Hola compa' Dios le bendiga también. Realmente la topologia FlyBack requiere GAP en ferritas convencionales... Me llegaron a las manos esos núcleos (6) y por su sección podrían ser aprovechados para sacarles una potencia relativamente buena. Consultando de ellos para darles uso encuentro lo de transformadores FlyBack... entonces me da por probarlos. A parte, por su baja saturación, un par los destinaré para hacer el inductor de salida del amplificador UCD con IR2110 que hay en el foro, me parece idóneo ese tipo de toroide. 
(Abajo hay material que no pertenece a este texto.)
Lemma psi_nontrivial : exists x : F, psi x != 1.
Proof.
have [x trx] := trace_p_neq0; exists x.
have [lt_p Ex] := tr_natP x.
rewrite -(prim_order_dvd xi_prim); apply: contra trx => /dvdnP [[|k] Ek].
  by rewrite -Ex Ek.
by move: lt_p; rewrite Ek mulSn ltnNge leq_addr.
Qed.

(* The closure hypothesis makes y |-> y0 + y a permutation of A for y0 in A. *)
Lemma sum_psi_addset_eq0 (A : {set F}) (x : F) :
  (forall y z, y \in A -> (y + z \in A) = (z \in A)) ->
  (exists2 y, y \in A & psi (y * x) != 1) -> \sum_(y in A) psi (y * x) = 0.
Proof.
move=> addA [y0 Ay0 nt].
set S := \sum_(y in A) _.
have /eqP : S = psi (y0 * x) * S.
  rewrite /S mulr_sumr (reindex_inj (addrI y0)) /=.
  rewrite (eq_bigl (mem A)) => [|y]; last by rewrite addA.
  by apply: eq_bigr => y _; rewrite mulrDl psiD.
by rewrite -subr_eq0 -{1}[S]mul1r -mulrBl mulf_eq0 subr_eq0 eq_sym (negbTE nt) => /eqP.
Qed.

Lemma sum_psi_addset_ge0 (A : {set F}) (x : F) :
  (forall y z, y \in A -> (y + z \in A) = (z \in A)) -> 0 <= \sum_(y in A) psi (y * x).
Proof.
move=> addA; have [/existsP [y /andP [Ay nt]]|] := boolP [exists y in A, psi (y * x) != 1].
  by rewrite (sum_psi_addset_eq0 addA) //; exists y.
rewrite negb_exists => /forallP triv.
rewrite (eq_bigr (fun _ => 1)) ?sumr_const ?ler0n // => y Ay.
by move: (triv y); rewrite Ay negbK => /eqP.
Qed.

Lemma sum_psi : \sum_(x : F) psi x = 0.
Proof.
have [x nt] := psi_nontrivial.
have -> : \sum_(x : F) psi x = \sum_(y in [set: F]) psi (y * 1).
  by apply: eq_big => [y|y _]; rewrite ?inE ?mulr1.
apply: sum_psi_addset_eq0 => [y z _|]; first by rewrite !inE.
by exists x; rewrite ?inE ?mulr1.
Qed.

Lemma sum_psi_mul (v : F) :
  \sum_(x : F | x != 0) psi (x * v) = if v == 0 then (#|F|.-1)%:R else -1.
Proof.
have [->|v_neq0] := eqVneq v 0.
  by under eq_bigr do rewrite mulr0 psi0; rewrite sumr_const cardC1.
transitivity (\sum_(x : F | x != 0) psi x).
  rewrite [RHS](reindex_inj (mulIf v_neq0)) /=; apply: eq_bigl => x.
  by rewrite mulf_eq0 (negbTE v_neq0) orbF.
have := sum_psi; rewrite (bigD1 0) //= psi0 => /eqP; rewrite addrC addr_eq0 => /eqP <-.
by apply: eq_bigl => x.
Qed.

End AdditiveCharacter.

Section Cosets.
Variables (F : finFieldType) (g : F) (N : nat).
Hypotheses (g_prim : (#|F|.-1).-primitive_root g) (N_gt0 : (0 < N)%N)
  (N_dvd : (N %| #|F|.-1)%N).

Local Notation n := #|F|.-1.
Local Notation C := (in_coset g N).

Lemma prim_expr_surj (x : F) : x != 0 -> exists i : nat, x = g ^+ i.
Proof.
move=> x_neq0; have xn : x ^+ n = 1.
  apply: (mulfI x_neq0); rewrite mulr1 -exprS prednK ?expf_card //.
  by apply/card_gt0P; exists 0.
by have [i ->] := prim_rootP g_prim xn; exists i.
Qed.

Lemma prim_expr_neq0 i : g ^+ i != 0.
Proof.
apply: expf_neq0; apply/eqP => g0; move: (prim_expr_order g_prim) (prim_order_gt0 g_prim).
by rewrite g0 expr0n; case: eqP => [->|_ /eqP] //; rewrite eq_sym oner_eq0.
Qed.

Lemma in_coset_expr a i : (a < N)%N -> C a (g ^+ i) = (i %% N == a)%N.
Proof.
move=> aN; apply/existsP/eqP => [[k]|Ha].
  rewrite (eq_prim_root_expr g_prim) => /eqP/(congr1 (modn^~ N)).
  by rewrite !modn_dvdm // => ->; rewrite addnC mulnC modnMDl modn_small.
have kL : ((i %% n) %/ N < n %/ N)%N.
  by rewrite ltn_divLR // divnK // ltn_pmod // (prim_order_gt0 g_prim).
exists (Ordinal kL); apply/eqP => /=.
have -> : (a + N * (i %% n %/ N) = i %% n)%N.
  by rewrite [in RHS](divn_eq (i %% n) N) modn_dvdm // Ha addnC mulnC.
by rewrite (prim_expr_mod g_prim).
Qed.

Lemma in_coset0 a : C a 0 = false.
Proof. by apply/existsP => [[k /eqP E]]; move: (prim_expr_neq0 (a + N * k)); rewrite -E eqxx. Qed.

Lemma in_coset_neq0 a x : C a x -> x != 0.
Proof. by apply: contraTneq => ->; rewrite in_coset0. Qed.

Lemma in_cosetM a b x z : (a < N)%N -> (b < N)%N -> C a x ->
  C ((a + b) %% N)%N (x * z) = C b z.
Proof.
move=> aN bN Cx; have [i Ei] := prim_expr_surj (in_coset_neq0 Cx).
move: Cx; rewrite Ei in_coset_expr // => /eqP Ha.
have [->|/prim_expr_surj [j ->]] := eqVneq z 0; first by rewrite mulr0 !in_coset0.
by rewrite -exprD !in_coset_expr ?ltn_pmod // -modnDml Ha eqn_modDl (modn_small bN).
Qed.

Lemma card_in_coset a : (a < N)%N -> #|[set x | C a x]| = (n %/ N)%N.
Proof.
move=> aN.
have -> : [set x | C a x] = [set g ^+ (a + N * val k)%N | k : 'I_(n %/ N)].
  by apply/setP => x; rewrite inE; apply/existsP/imsetP => [[k /eqP ->]|[k _ ->]]; exists k.
rewrite card_imset ?card_ord // => k1 k2 /eqP.
have bnd (k : 'I_(n %/ N)) : (a + N * k < n)%N.
  apply: (@leq_trans (N * k.+1)); first by rewrite mulnS ltn_add2r.
  by rewrite -[X in (_ <= X)%N](divnK N_dvd) mulnC leq_mul2r ltn_ord orbT.
rewrite (eq_prim_root_expr g_prim) !modn_small ?bnd // eqn_add2l eqn_pmul2l //.
by move/eqP/val_inj.
Qed.

Lemma sum_in_coset (h : F -> algC) :
  \sum_(c < N) \sum_(x | C c x) h x = \sum_(x | x != 0) h x.
Proof.
under eq_bigr do rewrite big_mkcond.
rewrite exchange_big [RHS]big_mkcond; apply: eq_bigr => x _ /=.
have [->|/prim_expr_surj [i ->]] := eqVneq x 0; first by rewrite big1 // => c _; rewrite in_coset0.
rewrite (bigD1 (Ordinal (ltn_pmod i N_gt0))) //= in_coset_expr ?ltn_pmod // eqxx.
rewrite big1 ?addr0 // => c /eqP ne; rewrite in_coset_expr //.
by case: eqP => // E; case: ne; apply: val_inj.
Qed.

Lemma in_coset_unique x : x != 0 ->
  exists2 b0, (b0 < N)%N & forall b, (b < N)%N -> C b x = (b == b0).
Proof.
move=> /prim_expr_surj [i ->]; exists (i %% N)%N => [|b bN]; first exact: ltn_pmod.
by rewrite in_coset_expr // eq_sym.
Qed.

(* The group of (n/d)-th roots of unity is generated by g^d, hence lies in C_0 when N | d. *)
Lemma in_coset0_root_unity d x : (N %| d)%N -> (d %| n)%N -> x ^+ (n %/ d) = 1 -> C 0 x.
Proof.
move=> Nd dn xd; have d_gt0 := dvdn_gt0 (prim_order_gt0 g_prim) dn.
have nd_gt0 : (0 < n %/ d)%N by rewrite divn_gt0 // dvdn_leq // (prim_order_gt0 g_prim).
have x_neq0 : x != 0.
  by apply/eqP => x0; move: xd; rewrite x0 expr0n gtn_eqF // => /eqP; rewrite eq_sym oner_eq0.
have [i Ei] := prim_expr_surj x_neq0.
have : (n %/ d * d %| n %/ d * i)%N.
  by rewrite divnK // mulnC (prim_order_dvd g_prim) exprM -Ei xd.
rewrite dvdn_pmul2l // => di.
by rewrite Ei in_coset_expr //; exact: dvdn_trans Nd di.
Qed.

Lemma card_root_unity_ge m : (m %| n)%N -> (m <= #|[set x : F | x ^+ m == 1%R]|)%N.
Proof.
move=> mn; have n_gt0 : (0 < n)%N := prim_order_gt0 g_prim.
have nm_gt0 : (0 < n %/ m)%N by rewrite divn_gt0 ?(dvdn_gt0 n_gt0 mn) // dvdn_leq.
pose G (j : 'I_m) := g ^+ (n %/ m * j).
have bnd (j : 'I_m) : (n %/ m * j < n)%N.
  by rewrite -[X in (_ < X)%N](divnK mn) ltn_pmul2l.
have G_inj : injective G.
  move=> j1 j2 /eqP; rewrite /G (eq_prim_root_expr g_prim) !modn_small ?bnd //.
  by rewrite eqn_pmul2l // => /eqP/val_inj.
rewrite -[X in (X <= _)%N]card_ord -(card_imset _ G_inj); apply: subset_leq_card.
apply/subsetP => _ /imsetP [j _ ->]; rewrite inE /G -exprM mulnAC divnK //.
by rewrite exprM (prim_expr_order g_prim) expr1n.
Qed.

End Cosets.

Section Circulant.
Variable N : nat.
Hypothesis N_gt0 : (0 < N)%N.

Lemma sum_shift_mod (V : nmodType) (G : nat -> V) m :
  \sum_(k < N) G ((k + m) %% N)%N = \sum_(c < N) G c.
Proof.
pose h (k : 'I_N) := Ordinal (ltn_pmod (k + m) N_gt0).
have h_inj : injective h.
  by move=> k1 k2 /(congr1 val) /= /eqP; rewrite eqn_modDr !modn_small // => /eqP/val_inj.
by rewrite [RHS](reindex_inj h_inj).
Qed.

Lemma modn_addBn_eq0 (i j : 'I_N) : ((i + N - j) %% N == 0)%N = (i == j).
Proof.
have iN := ltn_ord i; have jN := ltn_ord j; apply/idP/eqP => [|->]; last first.
  by rewrite addKn modnn.
case: (leqP j i) => ji.
  have -> : (i + N - j = (i - j) + N)%N by lia.
  by rewrite modnDr modn_small => [/eqP E|]; [apply: val_inj => /=; lia | lia].
by rewrite modn_small => [/eqP|]; lia.
Qed.

Definition autocorr (a : nat -> algC) (b : nat) : algC :=
  \sum_(c < N) a c * a ((c + b) %% N)%N.

Lemma circ_mx_mul_tr (a : nat -> algC) (i j : 'I_N) :
  (circ_mx N a *m (circ_mx N a)^T) i j = autocorr a ((i + N - j) %% N)%N.
Proof.
have iN := ltn_ord i; have jN := ltn_ord j.
rewrite !mxE /autocorr.
rewrite -[RHS](sum_shift_mod (fun c => a c * a ((c + (i + N - j) %% N) %% N)%N) (N - i)).
apply: eq_bigr => k _.
rewrite !mxE /= addnBA ?(ltnW iN) // modnDml modnDmr; congr (_ * a _).
have -> : (k + N - i + (i + N - j) = (k + N - j) + N)%N by lia.
by rewrite modnDr.
Qed.

Lemma is_CW_circ_mxP (w : algC) (a : nat -> algC) :
  is_CW w (circ_mx N a) <->
  (forall c, (c < N)%N -> a c \in [:: 0; 1; -1]) /\
  (forall b, (b < N)%N -> autocorr a b = w *+ (b == 0)%N).
Proof.
split=> [[entries MMt]|[entries acf]].
  split=> [c cN|b bN].
    by move: (entries (Ordinal N_gt0) (Ordinal cN)); rewrite mxE /= subn0 modnDr modn_small.
  move/matrixP/(_ (Ordinal bN) (Ordinal N_gt0)): MMt.
  by rewrite circ_mx_mul_tr /= subn0 modnDr modn_small // => ->; rewrite mxE.
split=> [i j|]; first by rewrite mxE entries ?ltn_pmod.
apply/matrixP => i j; rewrite circ_mx_mul_tr acf ?ltn_pmod // mxE.
by rewrite modn_addBn_eq0.
Qed.

End Circulant.

Section GaussPeriods.
Variables (F : finFieldType) (p f N : nat) (xi : algC) (g : F).
Hypotheses (p_pr : prime p) (pcharF : p \in [pchar F]) (cardF : #|F| = (p ^ f)%N)
  (xi_prim : p.-primitive_root xi) (g_prim : (#|F|.-1).-primitive_root g)
  (N_gt0 : (0 < N)%N) (N_dvd : (N %| #|F|.-1)%N).

Local Notation C := (in_coset g N).
Local Notation e := (gperiod p f xi g N).
Local Notation psi := (@psi F p f xi).
Local Notation L := (#|F|.-1 %/ N)%N.

Lemma gperiod_Aint a : e a \in Aint.
Proof. by apply: rpred_sum => x _; apply/rpredX/(Aint_prim_root xi_prim). Qed.

Lemma sum_gperiod : \sum_(c < N) e c = -1.
Proof.
rewrite (sum_in_coset g_prim N_gt0 N_dvd psi).
have := sum_psi_mul p_pr pcharF cardF xi_prim 1; rewrite oner_eq0.
by under eq_bigr do rewrite mulr1.
Qed.

Lemma gperiod_shift c b x : (c < N)%N -> (b < N)%N -> C c x ->
  e ((c + b) %% N)%N = \sum_(z | C b z) psi (x * z).
Proof.
move=> cN bN Cx; rewrite /gperiod (reindex_inj (mulfI (in_coset_neq0 g_prim Cx))) /=.
by apply: eq_bigl => z; rewrite (in_cosetM g_prim N_gt0 N_dvd z cN bN Cx).
Qed.

(* Expanding the product, the sum over the cosets is a sum of psi(x (1 + z)) over x != 0,
   and the inner sum over x is #|F| - 1 or -1 according as z = -1 or not. *)
Lemma autocorr_gperiod b : (b < N)%N ->
  autocorr N e b = (if C b (-1) then (#|F|)%:R else 0) - L%:R.
Proof.
move=> bN.
transitivity (\sum_(c < N) \sum_(x | C c x) \sum_(z | C b z) psi (x * (1 + z))).
  apply: eq_bigr => c _; rewrite {1}/gperiod mulr_suml; apply: eq_bigr => x Cx.
  rewrite (gperiod_shift (ltn_ord c) bN Cx) mulr_sumr; apply: eq_bigr => z _.
  by rewrite mulrDr mulr1 (psiD p_pr pcharF cardF xi_prim).
rewrite (sum_in_coset g_prim N_gt0 N_dvd (fun x => \sum_(z | C b z) psi (x * (1 + z)))).
rewrite exchange_big /=.
transitivity (\sum_(z | C b z) ((if z == -1 then (#|F|%:R : algC) else 0) - 1)).
  apply: eq_bigr => z _; rewrite (sum_psi_mul p_pr pcharF cardF xi_prim) addrC addr_eq0.
  case: eqP => _; last by rewrite add0r.
  by rewrite -subn1 natrB //; apply/card_gt0P; exists 0.
rewrite sumrB -big_mkcondr /=; congr (_ - _).
  case Cm: (C b (-1)).
    rewrite (eq_bigl (fun z => z == -1)) ?big_pred1_eq // => z.
    by case: eqP => [->|]; rewrite ?Cm ?andbF.
  by rewrite big_pred0 // => z; case: eqP => [->|]; rewrite ?Cm ?andbF.
rewrite (eq_bigl (fun z => z \in [set x | C b x])); last by move=> z; rewrite inE.
by rewrite sumr_const (card_in_coset g_prim N_gt0 N_dvd bN).
Qed.

(* Multiplication by the nonzero elements of A permutes C_a, so
   #|A^*| e_a = sum_(x in C_a) (sum_(y in A) psi (y x) - 1), and the inner sums are >= 0. *)
Lemma gperiod_addset_lower_bound (A : {set F}) a :
  (forall y z, y \in A -> (y + z \in A) = (z \in A)) -> 0 \in A ->
  (forall y, y \in A :\ 0 -> C 0 y) -> (a < N)%N ->
  - (L%:R) <= #|A :\ 0|%:R * e a.
Proof.
move=> addA A0 AC0 aN.
have -> : #|A :\ 0|%:R * e a = \sum_(x | C a x) (\sum_(y in A) psi (y * x) - 1).
  transitivity (\sum_(y in A :\ 0) \sum_(x | C a x) psi (y * x)).
    rewrite mulr_natl -sumr_const; apply: eq_bigr => y Ay.
    have y_neq0 : y != 0 by move: Ay; rewrite in_setD1 => /andP [].
    rewrite /gperiod (reindex_inj (mulfI y_neq0)) /=; apply: eq_bigl => x.
    by rewrite -(in_cosetM g_prim N_gt0 N_dvd x N_gt0 aN (AC0 y Ay)) add0n modn_small.
  rewrite exchange_big /=; apply: eq_bigr => x _.
  rewrite (bigD1 0 A0) /= mul0r (psi0 p_pr pcharF cardF xi_prim) addrC addrK.
  by apply: eq_bigl => y; rewrite in_setD1 andbC.
rewrite sumrB ler_wpDl ?sumr_ge0 // => [x _|]; first exact: sum_psi_addset_ge0.
rewrite (eq_bigl (fun z => z \in [set x | C a x])); last by move=> z; rewrite inE.
by rewrite sumr_const (card_in_coset g_prim N_gt0 N_dvd aN).
Qed.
Por otra parte, a su pregunta de cual es la frecuencia apropiada para núcleos de TV, y al no tener el tipo de material u hoja de datos del núcleo; lo más recomendable es usar la misma frecuencia del controlador del TV. Si busca el diagrama debe encontrar el IC de la fuente y los componentes externos que "setean" su frecuencia. Otra manera sería medir con mucho cuidado la frecuencia. 

Un saludo.


----------



## moonwalker

blanko001 dijo:


> Hola compa' Dios le bendiga también. Realmente la topologia FlyBack requiere GAP en ferritas convencionales... Me llegaron a las manos esos núcleos (6) y por su sección podrían ser aprovechados para sacarles una potencia relativamente buena. Consultando de ellos para darles uso encuentro lo de transformadores FlyBack... entonces me da por probarlos. A parte, por su baja saturación, un par los destinaré para hacer el inductor de salida del amplificador UCD con IR2110 que hay en el foro, me parece idóneo ese tipo de toroide.
> 
> Por otra parte, a su pregunta de cual es la frecuencia apropiada para núcleos de TV, y al no tener el tipo de material u hoja de datos del núcleo; lo más recomendable es usar la misma frecuencia del controlador del TV. Si busca el diagrama debe encontrar el IC de la fuente y los componentes externos que "setean" su frecuencia. Otra manera sería medir con mucho cuidado la frecuencia.
> 
> Un saludo.


Perfecto Colega gracias por responder.. dependiendo del integrado PWM con la frecuencia con que trabaje determinará la frecuencia de trabajo para el transformador. Se buscarán datasheet de estos integrados por ejemplo del STRW6554 muy usado en varias tarjetas, investigaré justo ahora acerca de eso. También he pesando en modificar una fuente de esas Switching de TV para obtener la entrada de 110VAC a 30Vdc (como fuente de Laboratorio) solo cuidando el circuito feedback para que el regulador trabaje correctamente y respetando la corriente límite de suministro. Bueno son tantas cosas en desorden que tengo en mente respecto a las proyecciones con estas fuentes.


----------



## blanko001

moonwalker dijo:


> Perfecto Colega gracias por responder.. dependiendo del integrado PWM con la frecuencia con que trabaje determinará la frecuencia de trabajo para el transformador. Se buscarán datasheet de estos integrados por ejemplo del STRW6554 muy usado en varias tarjetas, investigaré justo ahora acerca de eso. También he pesando en modificar una fuente de esas Switching de TV para obtener la entrada de 110VAC a 30Vdc (como fuente de Laboratorio) solo cuidando el circuito feedback para que el regulador trabaje correctamente y respetando la corriente límite de suministro. Bueno son tantas cosas en desorden que tengo en mente respecto a las proyecciones con estas fuentes.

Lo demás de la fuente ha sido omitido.